WORK INSTRUCTIONS: Gather from the material every line that contains the string "inner".

SUPPLIED MATERIAL:
Let integral_law (h : Xs -> \bar R) :
  (\int[pushforward mu Z]_x h x = \int[nu]_x h x)%E.
Proof. by apply: eq_measure_integral => A mA _; rewrite -lawZ. Qed.

Lemma integrable_comp_lawE (g : Xs -> R) : measurable_fun setT g ->
  mu.-integrable setT (EFin \o (fun w => g (Z w))) =
  nu.-integrable setT (EFin \o g).
Proof.
move=> mg; have mEg : measurable_fun setT (EFin \o g) by exact/measurable_EFinP.
have abs_eq : (\int[mu]_w `|(g (Z w))%:E| = \int[nu]_x `|(g x)%:E|)%E.
  by rewrite -integral_law ge0_integral_pushforward //; exact: measurableT_comp.
apply/integrableP/integrableP => -[_ ig]; split => //.
- by rewrite -abs_eq.
- by apply/measurable_EFinP; exact: measurableT_comp.
- by rewrite abs_eq.
Qed.

Lemma Rintegral_comp_law (g : Xs -> R) : measurable_fun setT g ->
  nu.-integrable setT (EFin \o g) -> \int[mu]_w g (Z w) = \int[nu]_x g x.
Proof.
move=> mg ig; congr fine; rewrite -integral_law integral_pushforward //.
- exact/measurable_EFinP.
- by rewrite preimage_setT integrable_comp_lawE.
Qed.

End law_transfer.

Section independent_pair.
Context d d1 d2 (Om : measurableType d) (X1 : measurableType d1)
  (X2 : measurableType d2) (R : realType).
Context (Pr : probability Om R) (P1 : probability X1 R) (P2 : probability X2 R).
Context (U : Om -> X1) (V : Om -> X2).
Hypothesis mU : measurable_fun setT U.
Hypothesis mV : measurable_fun setT V.
Hypothesis UV_indep : forall A B, measurable A -> measurable B ->
  Pr (U @^-1` A `&` V @^-1` B) = (P1 A * P2 B)%E.

Let UV w := (U w, V w).
(* Needed to equip [pushforward Pr UV] with its measure structure. *)
Let mUV : measurable_fun setT UV := measurable_fun_pair mU mV.

Let law_UV A : measurable A -> Pr (UV @^-1` A) = (P1 \x P2)%E A.
Proof.
move=> mA; symmetry.
apply: (product_measure_unique (m' := pushforward Pr UV));
  [exact: UV_indep | exact: mA].
Qed.

Lemma Rintegral_indep_mul (f : X1 -> R) (g : X2 -> R) :
  measurable_fun setT f -> measurable_fun setT g ->
  P1.-integrable setT (EFin \o f) -> P2.-integrable setT (EFin \o g) ->
  Pr.-integrable setT (EFin \o (fun w => f (U w) * g (V w))) ->
  \int[Pr]_w (f (U w) * g (V w)) = \int[P1]_x f x * \int[P2]_y g y.
Proof.
move=> mf mg if_ ig ifg.
pose h z := f z.1 * g z.2.
have mh : measurable_fun setT h.
  by apply: measurable_funM; apply: measurableT_comp.
have ih : (P1 \x P2)%E.-integrable setT (EFin \o h).
  by rewrite -(integrable_comp_lawE mUV law_UV mh).
rewrite (Rintegral_comp_law mUV law_UV mh ih) /Rintegral.
rewrite -(integral12_prod_meas1 ih) /fubini_F /=.
have inner x : (\int[P2]_y (f x * g y)%:E = (f x * \int[P2]_y g y)%:E)%E.
  by rewrite -EFin_Rintegral ?RintegralZl //; exact: integrableZl_EFin.
under eq_integral do rewrite inner.
rewrite -EFin_Rintegral ?RintegralZr //.
by under eq_fun do rewrite mulrC; exact: integrableZl_EFin.
Qed.

End independent_pair.

Lemma mutual_indep_pair d dX (Om : measurableType d) (Xs : measurableType dX)
    (R : realType) (Pr : probability Om R) (I : finType) (Z : I -> Om -> Xs) :
  mutual_indep Pr Z -> forall s t, s != t ->
  forall A B, measurable A -> measurable B ->
  Pr (Z s @^-1` A `&` Z t @^-1` B) = (Pr (Z s @^-1` A) * Pr (Z t @^-1` B))%E.
Proof.
move=> indep s t st A B mA mB.
pose F i := if i == s then A else if i == t then B else setT.
have mF i : measurable (F i) by rewrite /F; case: ifP => _ //; case: ifP.
have -> : Z s @^-1` A `&` Z t @^-1` B = \bigcap_(i in [set: I]) Z i @^-1` F i.
  apply/seteqP; split => [w [As Bt] i _|w FZ]; last first.
    by split; [move: (FZ s Logic.I); rewrite /F eqxx | move: (FZ t Logic.I);
      rewrite /F eq_sym (negbTE st) eqxx].
  by rewrite /F; case: eqP => [->|_] //; case: eqP => [->|].
rewrite indep // (bigD1 s) //= (bigD1 t) 1?eq_sym //= big1 ?mule1.
  by rewrite /F eqxx eq_sym (negbTE st) eqxx.
move=> i /andP[/negbTE si /negbTE ti].
by rewrite /F si ti preimage_setT probability_setT.
Qed.

Definition uncorrelated d (Om : measurableType d) (R : realType)
    (Pr : probability Om R) (I : eqType) (z : I -> Om -> R) : Prop :=
  forall s t, s != t ->
    \int[Pr]_w (z s w * z t w) = \int[Pr]_w z s w * \int[Pr]_w z t w.

Section uncorrelated_family.
Context d (Om : measurableType d) (R : realType) (Pr : probability Om R).
Context (I : finType) (z : I -> Om -> R).
Hypothesis mz : forall s, measurable_fun setT (z s).
Hypothesis iz2 : forall s, Pr.-integrable setT (EFin \o (fun w => z s w ^+ 2)).
Hypothesis z_uncorrelated : uncorrelated Pr z.

Let iz s : Pr.-integrable setT (EFin \o z s) := integrable_of_sqr (mz s) (iz2 s).
Let izz s t : Pr.-integrable setT (EFin \o (fun w => z s w * z t w)) :=
  integrable_mul_of_sqr (mz s) (mz t) (iz2 s) (iz2 t).

Let sqr_affineE (c : I -> R) c0 w : (\sum_s c s * z s w + c0) ^+ 2 =
  \sum_s \sum_t (c s * c t) * (z s w * z t w)
  + (\sum_s (2 * c0 * c s) * z s w + c0 ^+ 2).
Proof.
rewrite sqrrD expr2 big_distrlr /= -addrA; congr (_ + _).
  by apply: eq_bigr => s _; apply: eq_bigr => t _; ring.
rewrite -mulr_natr !mulr_suml; congr (_ + _).
by apply: eq_bigr => s _; ring.
Qed.

Lemma integrable_sqr_affine (c : I -> R) c0 :
  Pr.-integrable setT (EFin \o (fun w => (\sum_s c s * z s w + c0) ^+ 2)).
Proof. by under eq_fun do rewrite sqr_affineE; auto. Qed.

Lemma Rintegral_sqr_affine (c : I -> R) c0 :
  \int[Pr]_w (\sum_s c s * z s w + c0) ^+ 2 =
  \sum_s c s ^+ 2 * (\int[Pr]_w z s w ^+ 2 - (\int[Pr]_w z s w) ^+ 2)
  + (\sum_s c s * \int[Pr]_w z s w + c0) ^+ 2.
Proof.
pose m s := \int[Pr]_w z s w.
have second_moment s : \int[Pr]_w \sum_t (c s * c t) * (z s w * z t w) =
    c s ^+ 2 * (\int[Pr]_w z s w ^+ 2 - m s ^+ 2)
    + \sum_t (c s * m s) * (c t * m t).
  rewrite Rintegral_sum; last by auto.
  rewrite (bigD1 s) //= [in RHS](bigD1 s) //= addrA.
  congr (_ + _).
    by rewrite RintegralZl //; under eq_Rintegral do rewrite -expr2; ring.
  apply: eq_bigr => t ts.
  by rewrite RintegralZl // z_uncorrelated 1?eq_sym // /m; ring.
under eq_Rintegral do rewrite sqr_affineE.
rewrite !(RintegralD, Rintegral_sum) ?Rintegral_prob_cst; try by [|auto].
under eq_bigr do rewrite second_moment.
rewrite big_split /= -big_distrlr /= -expr2.
under [X in _ + (X + _)]eq_bigr do rewrite RintegralZl // -mulrA.
by rewrite -mulr_sumr /m; ring.
Qed.

End uncorrelated_family.

Lemma sum_delta (R : pzSemiRingType) n (i : 'I_n) (F : 'I_n -> R) :
  \sum_j (i == j)%:R * F j = F i.
Proof.
rewrite (bigD1 i) //= eqxx mul1r big1 ?addr0 // => j /negbTE.
by rewrite eq_sym => ->; rewrite mul0r.
Qed.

ANSWER:
have inner x : (\int[P2]_y (f x * g y)%:E = (f x * \int[P2]_y g y)%:E)%E.
under eq_integral do rewrite inner.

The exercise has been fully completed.